Within these entries, which lines include the string "Import"? Copy each one.

Dataset records START

(* Let $u=u_1\cdots u_n$ be a word over a finite alphabet and let $s$ be a nonempty factor of $u$. Let $\mathit{first}(s)$ and $\mathit{last}(s)$ be the smallest and the largest starting positions of occurrences of $s$ in $u$. Then $s$ is a border seed of $u$ if and only if $$|s|\ \ge\ \max\Big(\mathrm{per}\big(u[1 .. \mathit{first}(s)+|s|-1]\big),\ \mathrm{per}\big(u[\mathit{last}(s) .. n]\big)\Big).$$
   Context: Positions in a word $u$ are numbered $1,\dots,|u|$; $u[i..j]=u_i\cdots u_j$ is a factor. For a nonempty word $x$, $\mathrm{per}(x)$ is the smallest positive integer $p$ such that $x_i=x_{i+p}$ for all $1\le i\le |x|-p$. A word $s$ covers a word $w$ if every position of $w$ lies inside some occurrence of $s$ as a factor of $w$. A word $s$ is a seed of $u$ if $s$ is a factor of $u$ and $u$ is a factor of some word $w$ covered by $s$. For a factor $s$ of $u$, decompose $u=w_1w_2w_3$ where $w_2=u[\mathit{first}(s) .. \mathit{last}(s)+|s|-1]$ (the longest factor of $u$ having $s$ as a border); $s$ is called a border seed of $u$ if $s$ is a seed of the word $w_1\, s\, w_3$. *)

From mathcomp Require Import all_boot.
Set Implicit Arguments. Unset Strict Implicit. Unset Printing Implicit Defensive.

(* Words are sequences over a finite alphabet A (a finType).
   Internally, 0-based indices; the paper's 1-based conventions are
   reproduced by [factor], [firstpos], [lastpos]. *)

Section Words.
Variable A : finType.

(* u[i..j] with 1-based positions i, j (empty if j < i). *)
Definition factor (u : seq A) (i j : nat) : seq A := take (j.+1 - i) (drop i.-1 u).

Definition periodb (x : seq A) (p : nat) : bool :=
  (0 < p) && all (fun i => onth x i == onth x (i + p)) (iota 0 (size x - p)).

Lemma period_exists (x : seq A) : exists p, periodb x p.
Proof.
exists (size x).+1; rewrite /periodb /=.
by have -> : size x - (size x).+1 = 0 by apply/eqP; rewrite subn_eq0 leqnSn.
Qed.

Definition per (x : seq A) : nat := ex_minn (period_exists x).

Definition occurs_at (w s : seq A) (i : nat) : bool :=
  (i + size s <= size w) && (take (size s) (drop i w) == s).

Definition covers (s w : seq A) : Prop :=
  forall j, j < size w -> exists i, occurs_at w s i /\ i <= j < i + size s.

Definition seed (s u : seq A) : Prop :=
  infix s u /\ exists w : seq A, infix u w /\ covers s w.

Definition firstpos (u s : seq A) : nat :=
  (find (occurs_at u s) (iota 0 (size u).+1)).+1.
Definition lastpos (u s : seq A) : nat :=
  (\max_(i < (size u).+1 | occurs_at u s i) (i : nat)).+1.

(* u = w1 w2 w3 with w2 = u[first(s) .. last(s)+|s|-1];
   s is a border seed of u iff s is a seed of w1 s w3. *)
Definition border_seed (s u : seq A) : Prop :=
  let w1 := factor u 1 (firstpos u s).-1 in
  let w3 := factor u (lastpos u s + size s) (size u) in
  seed s (w1 ++ s ++ w3).

End Words.

From mathcomp Require Import all_boot zify.
Set Implicit Arguments. Unset Strict Implicit. Unset Printing Implicit Defensive.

Dataset records END

- _Expected answer_
From mathcomp Require Import all_boot.
From mathcomp Require Import all_boot zify.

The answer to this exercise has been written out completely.